** EXERCISE **
Beneath this line is the data. Output exactly the lines from the line with "(* Induction on" to the line with "dim motions (K +", both ends included, and nothing more.

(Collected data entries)
════════

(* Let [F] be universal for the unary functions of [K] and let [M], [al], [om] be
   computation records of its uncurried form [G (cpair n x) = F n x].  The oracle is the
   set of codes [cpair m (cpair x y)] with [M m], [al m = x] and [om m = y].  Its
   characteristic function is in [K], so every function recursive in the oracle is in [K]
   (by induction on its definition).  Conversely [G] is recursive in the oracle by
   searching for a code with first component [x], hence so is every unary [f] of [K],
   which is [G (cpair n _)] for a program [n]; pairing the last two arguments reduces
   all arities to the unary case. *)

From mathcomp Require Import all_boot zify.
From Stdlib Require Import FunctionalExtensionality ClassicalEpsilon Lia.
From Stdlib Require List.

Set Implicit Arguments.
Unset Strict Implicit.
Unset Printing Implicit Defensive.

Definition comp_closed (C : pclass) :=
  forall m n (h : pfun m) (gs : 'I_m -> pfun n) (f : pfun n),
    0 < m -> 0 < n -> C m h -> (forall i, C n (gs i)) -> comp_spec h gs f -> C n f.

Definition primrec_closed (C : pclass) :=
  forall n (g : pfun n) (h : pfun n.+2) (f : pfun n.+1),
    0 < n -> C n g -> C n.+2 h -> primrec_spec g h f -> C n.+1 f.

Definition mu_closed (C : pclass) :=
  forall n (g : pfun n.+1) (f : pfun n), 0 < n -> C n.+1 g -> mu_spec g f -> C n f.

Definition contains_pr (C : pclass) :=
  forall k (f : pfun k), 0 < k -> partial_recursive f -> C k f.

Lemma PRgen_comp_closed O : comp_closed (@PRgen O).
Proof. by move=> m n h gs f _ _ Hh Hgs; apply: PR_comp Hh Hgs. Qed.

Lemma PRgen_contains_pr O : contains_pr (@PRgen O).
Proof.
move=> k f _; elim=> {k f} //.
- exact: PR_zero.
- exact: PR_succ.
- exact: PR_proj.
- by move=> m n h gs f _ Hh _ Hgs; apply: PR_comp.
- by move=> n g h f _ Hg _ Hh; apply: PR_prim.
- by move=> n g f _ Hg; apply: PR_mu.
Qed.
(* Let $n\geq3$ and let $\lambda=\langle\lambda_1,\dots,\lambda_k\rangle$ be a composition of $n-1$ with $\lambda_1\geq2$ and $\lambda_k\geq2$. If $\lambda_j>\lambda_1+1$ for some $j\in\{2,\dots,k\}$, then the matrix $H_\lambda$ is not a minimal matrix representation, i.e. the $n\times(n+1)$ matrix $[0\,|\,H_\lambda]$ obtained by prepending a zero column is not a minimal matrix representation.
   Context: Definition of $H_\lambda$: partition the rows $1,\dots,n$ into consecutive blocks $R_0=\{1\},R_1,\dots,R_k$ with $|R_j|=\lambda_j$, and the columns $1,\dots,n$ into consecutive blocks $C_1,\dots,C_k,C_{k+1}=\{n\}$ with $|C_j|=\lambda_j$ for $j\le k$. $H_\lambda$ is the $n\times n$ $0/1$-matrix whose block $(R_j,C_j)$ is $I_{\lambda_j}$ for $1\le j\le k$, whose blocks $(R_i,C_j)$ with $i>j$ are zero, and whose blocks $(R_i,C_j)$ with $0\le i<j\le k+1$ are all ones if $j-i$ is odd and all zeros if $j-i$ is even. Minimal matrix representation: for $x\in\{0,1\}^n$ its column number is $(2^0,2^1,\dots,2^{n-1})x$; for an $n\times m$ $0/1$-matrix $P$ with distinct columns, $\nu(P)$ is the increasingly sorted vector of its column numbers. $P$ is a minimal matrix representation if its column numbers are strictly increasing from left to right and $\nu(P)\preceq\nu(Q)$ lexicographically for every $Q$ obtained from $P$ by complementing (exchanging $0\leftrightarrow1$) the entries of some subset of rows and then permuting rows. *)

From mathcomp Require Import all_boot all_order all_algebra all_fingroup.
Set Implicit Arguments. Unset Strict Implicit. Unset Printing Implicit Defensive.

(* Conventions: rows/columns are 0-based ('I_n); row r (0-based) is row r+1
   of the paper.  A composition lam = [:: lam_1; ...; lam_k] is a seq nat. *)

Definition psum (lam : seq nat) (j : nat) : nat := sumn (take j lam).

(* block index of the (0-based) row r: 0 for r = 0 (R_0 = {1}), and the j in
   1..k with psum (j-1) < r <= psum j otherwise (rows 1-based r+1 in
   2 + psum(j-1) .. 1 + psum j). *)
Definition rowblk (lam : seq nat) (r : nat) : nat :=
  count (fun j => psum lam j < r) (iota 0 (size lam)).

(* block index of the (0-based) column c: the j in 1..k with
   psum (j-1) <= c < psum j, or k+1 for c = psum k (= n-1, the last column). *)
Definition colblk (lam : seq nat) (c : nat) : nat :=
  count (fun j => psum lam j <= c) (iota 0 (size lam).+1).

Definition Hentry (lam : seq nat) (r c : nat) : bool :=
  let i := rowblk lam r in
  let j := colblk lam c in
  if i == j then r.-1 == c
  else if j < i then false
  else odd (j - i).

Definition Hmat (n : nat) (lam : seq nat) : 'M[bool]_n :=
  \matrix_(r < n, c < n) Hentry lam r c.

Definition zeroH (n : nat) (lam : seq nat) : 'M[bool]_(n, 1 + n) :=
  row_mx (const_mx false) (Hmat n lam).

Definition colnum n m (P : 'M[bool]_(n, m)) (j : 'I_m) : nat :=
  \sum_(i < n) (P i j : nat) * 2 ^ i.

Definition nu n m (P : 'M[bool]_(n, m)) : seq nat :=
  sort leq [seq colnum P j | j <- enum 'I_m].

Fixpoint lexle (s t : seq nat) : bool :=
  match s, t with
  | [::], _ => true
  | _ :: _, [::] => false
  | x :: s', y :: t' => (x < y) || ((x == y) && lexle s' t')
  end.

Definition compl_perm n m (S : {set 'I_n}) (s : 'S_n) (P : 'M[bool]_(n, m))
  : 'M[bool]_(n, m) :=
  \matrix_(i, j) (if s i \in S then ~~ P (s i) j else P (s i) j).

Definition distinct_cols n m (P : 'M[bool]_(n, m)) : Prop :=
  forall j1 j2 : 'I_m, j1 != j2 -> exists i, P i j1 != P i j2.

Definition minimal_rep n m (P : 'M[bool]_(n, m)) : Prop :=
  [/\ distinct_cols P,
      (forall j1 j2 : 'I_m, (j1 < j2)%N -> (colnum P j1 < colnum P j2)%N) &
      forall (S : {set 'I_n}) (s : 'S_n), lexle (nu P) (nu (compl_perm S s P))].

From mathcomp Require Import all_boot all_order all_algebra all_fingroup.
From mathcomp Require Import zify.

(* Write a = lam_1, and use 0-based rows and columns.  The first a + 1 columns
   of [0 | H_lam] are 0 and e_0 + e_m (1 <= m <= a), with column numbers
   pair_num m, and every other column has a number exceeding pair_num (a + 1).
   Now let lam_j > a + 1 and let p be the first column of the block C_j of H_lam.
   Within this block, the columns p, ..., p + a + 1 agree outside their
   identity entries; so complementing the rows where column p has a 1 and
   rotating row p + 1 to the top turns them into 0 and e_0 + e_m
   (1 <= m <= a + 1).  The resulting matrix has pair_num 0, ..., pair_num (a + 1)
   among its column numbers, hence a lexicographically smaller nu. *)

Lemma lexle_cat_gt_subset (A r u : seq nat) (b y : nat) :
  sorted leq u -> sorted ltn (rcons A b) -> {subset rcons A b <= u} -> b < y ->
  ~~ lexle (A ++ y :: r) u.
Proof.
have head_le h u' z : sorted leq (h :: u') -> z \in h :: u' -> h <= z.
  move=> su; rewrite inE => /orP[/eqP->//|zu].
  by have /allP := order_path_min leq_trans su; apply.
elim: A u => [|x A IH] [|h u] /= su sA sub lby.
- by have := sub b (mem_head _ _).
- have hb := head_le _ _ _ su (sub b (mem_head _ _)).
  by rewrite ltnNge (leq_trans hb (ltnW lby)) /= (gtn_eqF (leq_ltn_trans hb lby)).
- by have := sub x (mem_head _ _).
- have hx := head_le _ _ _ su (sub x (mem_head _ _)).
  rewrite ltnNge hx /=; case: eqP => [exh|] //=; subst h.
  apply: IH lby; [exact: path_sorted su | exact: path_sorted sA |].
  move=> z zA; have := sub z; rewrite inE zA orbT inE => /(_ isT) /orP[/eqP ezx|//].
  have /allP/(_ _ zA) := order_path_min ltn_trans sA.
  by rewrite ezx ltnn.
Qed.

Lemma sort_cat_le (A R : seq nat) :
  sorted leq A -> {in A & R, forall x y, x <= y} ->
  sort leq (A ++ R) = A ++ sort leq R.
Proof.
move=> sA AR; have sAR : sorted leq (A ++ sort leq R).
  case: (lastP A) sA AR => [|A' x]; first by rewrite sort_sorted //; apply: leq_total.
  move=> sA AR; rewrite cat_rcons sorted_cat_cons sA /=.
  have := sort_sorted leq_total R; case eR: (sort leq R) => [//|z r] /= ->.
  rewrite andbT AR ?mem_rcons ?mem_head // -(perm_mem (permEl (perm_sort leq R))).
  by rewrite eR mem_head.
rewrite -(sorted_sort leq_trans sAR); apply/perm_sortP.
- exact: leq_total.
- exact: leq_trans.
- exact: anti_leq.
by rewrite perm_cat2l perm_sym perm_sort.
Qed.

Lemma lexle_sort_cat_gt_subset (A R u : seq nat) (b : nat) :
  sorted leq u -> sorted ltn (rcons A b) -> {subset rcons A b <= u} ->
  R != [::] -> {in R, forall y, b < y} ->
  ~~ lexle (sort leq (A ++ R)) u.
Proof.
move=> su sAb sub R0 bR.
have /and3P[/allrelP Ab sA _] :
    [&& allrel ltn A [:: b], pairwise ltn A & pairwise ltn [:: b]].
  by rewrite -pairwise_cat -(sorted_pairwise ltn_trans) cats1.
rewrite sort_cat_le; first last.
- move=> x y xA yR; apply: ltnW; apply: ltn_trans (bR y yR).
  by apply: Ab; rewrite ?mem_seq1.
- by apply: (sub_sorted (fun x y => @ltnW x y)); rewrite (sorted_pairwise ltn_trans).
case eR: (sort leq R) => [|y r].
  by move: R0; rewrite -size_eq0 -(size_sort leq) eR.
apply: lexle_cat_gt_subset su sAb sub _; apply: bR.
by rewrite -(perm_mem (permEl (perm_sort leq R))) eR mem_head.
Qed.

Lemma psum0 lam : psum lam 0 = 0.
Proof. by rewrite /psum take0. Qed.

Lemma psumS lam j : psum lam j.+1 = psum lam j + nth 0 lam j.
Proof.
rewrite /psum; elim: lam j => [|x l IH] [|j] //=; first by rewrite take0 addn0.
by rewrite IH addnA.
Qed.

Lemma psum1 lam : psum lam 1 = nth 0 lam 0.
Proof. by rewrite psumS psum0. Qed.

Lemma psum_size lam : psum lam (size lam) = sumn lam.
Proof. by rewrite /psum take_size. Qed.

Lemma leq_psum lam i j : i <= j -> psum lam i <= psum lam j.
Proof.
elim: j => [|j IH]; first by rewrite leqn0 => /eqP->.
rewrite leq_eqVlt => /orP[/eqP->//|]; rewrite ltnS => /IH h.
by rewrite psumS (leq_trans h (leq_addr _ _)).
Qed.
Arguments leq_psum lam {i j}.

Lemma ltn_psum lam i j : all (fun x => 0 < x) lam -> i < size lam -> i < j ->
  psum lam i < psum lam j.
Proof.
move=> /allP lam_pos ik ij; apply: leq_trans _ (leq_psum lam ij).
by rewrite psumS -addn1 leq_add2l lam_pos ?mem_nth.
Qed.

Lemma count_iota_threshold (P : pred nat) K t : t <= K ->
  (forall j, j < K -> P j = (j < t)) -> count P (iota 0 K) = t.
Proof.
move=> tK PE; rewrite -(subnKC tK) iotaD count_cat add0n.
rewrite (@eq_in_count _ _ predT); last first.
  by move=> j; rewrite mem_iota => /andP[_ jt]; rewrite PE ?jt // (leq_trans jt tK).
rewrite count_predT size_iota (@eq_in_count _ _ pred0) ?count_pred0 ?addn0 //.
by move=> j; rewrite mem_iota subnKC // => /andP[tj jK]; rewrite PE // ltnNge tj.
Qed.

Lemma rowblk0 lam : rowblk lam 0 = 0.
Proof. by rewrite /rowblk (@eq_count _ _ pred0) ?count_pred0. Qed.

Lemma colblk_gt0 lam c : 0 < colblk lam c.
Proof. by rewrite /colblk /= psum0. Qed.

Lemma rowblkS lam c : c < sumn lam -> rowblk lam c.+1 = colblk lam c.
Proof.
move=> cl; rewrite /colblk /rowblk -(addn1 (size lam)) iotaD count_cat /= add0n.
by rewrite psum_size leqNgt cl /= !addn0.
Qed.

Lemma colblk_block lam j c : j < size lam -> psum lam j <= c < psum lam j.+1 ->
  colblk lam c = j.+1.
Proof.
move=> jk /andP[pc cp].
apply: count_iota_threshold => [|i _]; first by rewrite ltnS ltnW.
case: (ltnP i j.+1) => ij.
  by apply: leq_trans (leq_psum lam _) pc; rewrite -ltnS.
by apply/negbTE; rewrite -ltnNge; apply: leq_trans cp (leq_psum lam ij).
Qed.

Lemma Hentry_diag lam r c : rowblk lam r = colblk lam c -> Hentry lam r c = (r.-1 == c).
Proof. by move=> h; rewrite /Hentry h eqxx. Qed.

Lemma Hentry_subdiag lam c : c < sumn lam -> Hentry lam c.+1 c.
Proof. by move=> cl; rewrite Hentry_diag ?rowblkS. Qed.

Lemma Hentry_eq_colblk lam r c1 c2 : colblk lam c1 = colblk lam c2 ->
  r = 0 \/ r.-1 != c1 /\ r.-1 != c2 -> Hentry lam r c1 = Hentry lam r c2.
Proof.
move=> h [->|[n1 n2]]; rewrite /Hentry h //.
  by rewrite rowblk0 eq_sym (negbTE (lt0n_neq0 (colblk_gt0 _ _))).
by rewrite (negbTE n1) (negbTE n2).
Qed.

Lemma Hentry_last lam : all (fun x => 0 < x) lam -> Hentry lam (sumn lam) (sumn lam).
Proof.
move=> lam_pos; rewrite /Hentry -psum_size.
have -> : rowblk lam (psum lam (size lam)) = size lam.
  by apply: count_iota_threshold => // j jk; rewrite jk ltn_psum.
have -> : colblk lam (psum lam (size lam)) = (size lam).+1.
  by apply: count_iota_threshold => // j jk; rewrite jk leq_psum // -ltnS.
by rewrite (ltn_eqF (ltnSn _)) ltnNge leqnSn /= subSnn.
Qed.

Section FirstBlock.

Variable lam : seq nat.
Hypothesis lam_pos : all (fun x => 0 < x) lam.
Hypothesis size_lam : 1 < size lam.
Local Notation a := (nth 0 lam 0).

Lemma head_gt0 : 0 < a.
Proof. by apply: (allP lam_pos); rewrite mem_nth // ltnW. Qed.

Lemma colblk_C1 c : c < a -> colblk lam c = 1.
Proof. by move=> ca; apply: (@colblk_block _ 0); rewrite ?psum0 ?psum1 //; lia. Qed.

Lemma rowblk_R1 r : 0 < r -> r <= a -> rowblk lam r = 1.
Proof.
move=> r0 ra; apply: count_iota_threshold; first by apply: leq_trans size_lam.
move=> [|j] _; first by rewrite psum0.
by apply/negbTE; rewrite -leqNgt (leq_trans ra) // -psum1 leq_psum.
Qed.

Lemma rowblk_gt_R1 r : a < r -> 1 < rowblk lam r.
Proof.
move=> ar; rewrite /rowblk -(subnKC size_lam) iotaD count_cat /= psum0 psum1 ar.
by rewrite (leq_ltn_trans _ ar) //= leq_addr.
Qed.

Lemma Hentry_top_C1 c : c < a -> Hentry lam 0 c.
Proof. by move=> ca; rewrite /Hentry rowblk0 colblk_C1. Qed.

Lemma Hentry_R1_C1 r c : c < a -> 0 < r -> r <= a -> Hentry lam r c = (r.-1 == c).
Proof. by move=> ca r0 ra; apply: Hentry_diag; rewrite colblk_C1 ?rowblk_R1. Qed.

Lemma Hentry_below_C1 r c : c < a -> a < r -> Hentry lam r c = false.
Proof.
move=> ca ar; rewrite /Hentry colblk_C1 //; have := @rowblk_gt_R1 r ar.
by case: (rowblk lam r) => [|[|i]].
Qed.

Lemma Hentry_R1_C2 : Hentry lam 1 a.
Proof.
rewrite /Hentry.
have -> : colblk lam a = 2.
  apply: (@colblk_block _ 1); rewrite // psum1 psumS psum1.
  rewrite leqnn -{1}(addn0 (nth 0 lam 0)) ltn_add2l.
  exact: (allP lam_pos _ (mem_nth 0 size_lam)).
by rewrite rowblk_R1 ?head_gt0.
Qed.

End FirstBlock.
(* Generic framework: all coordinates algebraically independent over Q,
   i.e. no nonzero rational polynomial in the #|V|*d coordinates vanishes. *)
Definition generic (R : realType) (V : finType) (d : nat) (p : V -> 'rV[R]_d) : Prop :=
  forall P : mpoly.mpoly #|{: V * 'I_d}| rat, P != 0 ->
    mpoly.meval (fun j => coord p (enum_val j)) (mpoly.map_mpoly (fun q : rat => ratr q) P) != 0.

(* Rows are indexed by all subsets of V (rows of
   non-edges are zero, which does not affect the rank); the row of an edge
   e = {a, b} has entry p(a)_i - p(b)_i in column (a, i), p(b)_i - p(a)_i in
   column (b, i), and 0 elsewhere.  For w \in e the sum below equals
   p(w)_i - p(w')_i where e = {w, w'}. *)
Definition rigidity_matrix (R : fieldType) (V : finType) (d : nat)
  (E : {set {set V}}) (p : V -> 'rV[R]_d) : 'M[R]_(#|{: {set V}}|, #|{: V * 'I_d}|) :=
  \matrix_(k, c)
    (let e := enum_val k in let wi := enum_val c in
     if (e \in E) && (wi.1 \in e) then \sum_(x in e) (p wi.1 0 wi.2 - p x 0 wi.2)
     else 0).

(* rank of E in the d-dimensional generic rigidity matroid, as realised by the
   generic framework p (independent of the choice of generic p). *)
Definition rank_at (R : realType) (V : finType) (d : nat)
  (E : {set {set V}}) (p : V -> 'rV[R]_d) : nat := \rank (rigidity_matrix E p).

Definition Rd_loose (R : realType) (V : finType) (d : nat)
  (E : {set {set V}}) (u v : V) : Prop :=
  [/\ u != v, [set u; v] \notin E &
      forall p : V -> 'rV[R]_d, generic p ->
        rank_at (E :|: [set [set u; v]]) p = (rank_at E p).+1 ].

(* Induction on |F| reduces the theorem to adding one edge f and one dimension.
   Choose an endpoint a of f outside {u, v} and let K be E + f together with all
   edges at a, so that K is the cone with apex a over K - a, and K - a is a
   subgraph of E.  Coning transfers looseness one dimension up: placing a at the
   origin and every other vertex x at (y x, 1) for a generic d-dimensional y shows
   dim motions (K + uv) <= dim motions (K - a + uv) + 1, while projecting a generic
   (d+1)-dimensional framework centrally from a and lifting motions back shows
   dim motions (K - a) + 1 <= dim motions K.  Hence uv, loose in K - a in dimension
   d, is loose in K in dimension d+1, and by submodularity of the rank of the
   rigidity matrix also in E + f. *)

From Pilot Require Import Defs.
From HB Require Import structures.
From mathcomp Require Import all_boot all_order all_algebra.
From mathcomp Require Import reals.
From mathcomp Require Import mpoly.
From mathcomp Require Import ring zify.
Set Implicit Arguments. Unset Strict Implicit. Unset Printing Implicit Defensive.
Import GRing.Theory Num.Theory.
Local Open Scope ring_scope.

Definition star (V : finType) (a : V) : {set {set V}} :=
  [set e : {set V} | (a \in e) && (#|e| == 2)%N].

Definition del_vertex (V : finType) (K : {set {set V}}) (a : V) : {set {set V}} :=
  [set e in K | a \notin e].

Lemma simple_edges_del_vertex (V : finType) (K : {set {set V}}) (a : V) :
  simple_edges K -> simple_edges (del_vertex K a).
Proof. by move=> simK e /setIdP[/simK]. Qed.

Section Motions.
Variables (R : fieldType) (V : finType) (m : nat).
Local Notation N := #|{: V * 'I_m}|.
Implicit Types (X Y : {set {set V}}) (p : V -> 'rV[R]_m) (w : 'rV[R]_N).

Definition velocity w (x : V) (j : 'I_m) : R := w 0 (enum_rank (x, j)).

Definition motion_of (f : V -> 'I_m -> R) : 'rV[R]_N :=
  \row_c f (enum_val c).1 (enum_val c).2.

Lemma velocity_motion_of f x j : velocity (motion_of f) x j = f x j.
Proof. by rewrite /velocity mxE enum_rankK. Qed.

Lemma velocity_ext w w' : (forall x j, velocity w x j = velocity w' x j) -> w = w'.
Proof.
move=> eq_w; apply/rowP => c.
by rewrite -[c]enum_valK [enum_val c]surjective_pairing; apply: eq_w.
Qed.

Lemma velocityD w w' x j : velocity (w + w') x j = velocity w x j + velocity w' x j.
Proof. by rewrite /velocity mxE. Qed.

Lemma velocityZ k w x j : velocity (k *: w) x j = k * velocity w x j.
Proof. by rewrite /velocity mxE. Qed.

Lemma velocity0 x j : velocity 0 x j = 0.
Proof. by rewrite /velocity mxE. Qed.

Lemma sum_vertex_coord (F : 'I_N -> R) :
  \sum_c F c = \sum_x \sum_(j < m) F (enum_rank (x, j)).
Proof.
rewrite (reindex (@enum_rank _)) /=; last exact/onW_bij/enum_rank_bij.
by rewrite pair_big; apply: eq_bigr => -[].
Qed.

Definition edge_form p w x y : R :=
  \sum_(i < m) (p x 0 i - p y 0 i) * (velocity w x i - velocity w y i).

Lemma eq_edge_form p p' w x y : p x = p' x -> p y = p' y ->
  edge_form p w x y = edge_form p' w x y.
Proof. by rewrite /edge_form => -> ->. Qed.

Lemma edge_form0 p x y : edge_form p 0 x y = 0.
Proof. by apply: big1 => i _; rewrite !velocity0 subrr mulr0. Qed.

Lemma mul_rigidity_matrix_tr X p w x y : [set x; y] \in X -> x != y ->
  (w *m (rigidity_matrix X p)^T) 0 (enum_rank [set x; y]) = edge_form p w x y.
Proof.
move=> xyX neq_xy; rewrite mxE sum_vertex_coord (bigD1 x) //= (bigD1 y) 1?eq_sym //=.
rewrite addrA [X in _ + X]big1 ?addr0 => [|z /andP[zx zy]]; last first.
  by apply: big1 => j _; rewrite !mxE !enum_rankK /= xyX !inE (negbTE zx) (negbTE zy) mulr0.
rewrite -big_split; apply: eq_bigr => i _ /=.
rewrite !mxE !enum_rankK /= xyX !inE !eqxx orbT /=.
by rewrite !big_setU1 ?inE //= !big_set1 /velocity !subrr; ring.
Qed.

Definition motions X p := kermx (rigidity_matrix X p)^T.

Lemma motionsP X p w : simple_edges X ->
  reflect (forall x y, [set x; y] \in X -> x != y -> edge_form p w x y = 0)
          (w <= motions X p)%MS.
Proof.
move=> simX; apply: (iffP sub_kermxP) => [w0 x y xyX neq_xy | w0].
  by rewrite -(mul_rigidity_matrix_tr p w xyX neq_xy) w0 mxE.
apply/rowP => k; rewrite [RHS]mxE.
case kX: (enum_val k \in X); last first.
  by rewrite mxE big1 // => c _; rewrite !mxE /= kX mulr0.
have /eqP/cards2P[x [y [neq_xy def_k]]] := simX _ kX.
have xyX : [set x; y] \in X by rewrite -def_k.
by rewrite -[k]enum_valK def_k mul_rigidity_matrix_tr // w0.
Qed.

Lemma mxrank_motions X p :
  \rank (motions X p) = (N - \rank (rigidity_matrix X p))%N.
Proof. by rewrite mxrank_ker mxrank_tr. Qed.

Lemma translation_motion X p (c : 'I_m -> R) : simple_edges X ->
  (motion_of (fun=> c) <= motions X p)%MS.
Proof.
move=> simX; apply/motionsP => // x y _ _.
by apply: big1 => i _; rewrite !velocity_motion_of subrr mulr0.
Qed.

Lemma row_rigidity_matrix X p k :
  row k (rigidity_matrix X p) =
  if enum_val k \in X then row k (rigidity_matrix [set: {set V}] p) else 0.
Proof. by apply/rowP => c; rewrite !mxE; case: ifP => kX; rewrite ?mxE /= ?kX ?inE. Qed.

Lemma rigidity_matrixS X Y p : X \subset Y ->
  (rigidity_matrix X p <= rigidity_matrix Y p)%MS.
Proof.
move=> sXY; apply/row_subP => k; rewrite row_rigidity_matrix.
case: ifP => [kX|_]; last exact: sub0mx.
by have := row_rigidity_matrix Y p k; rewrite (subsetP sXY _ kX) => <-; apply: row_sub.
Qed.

════════

** EXPECTED OUTPUT **
(* Induction on |F| reduces the theorem to adding one edge f and one dimension.
   Choose an endpoint a of f outside {u, v} and let K be E + f together with all
   edges at a, so that K is the cone with apex a over K - a, and K - a is a
   subgraph of E.  Coning transfers looseness one dimension up: placing a at the
   origin and every other vertex x at (y x, 1) for a generic d-dimensional y shows
   dim motions (K + uv) <= dim motions (K - a + uv) + 1, while projecting a generic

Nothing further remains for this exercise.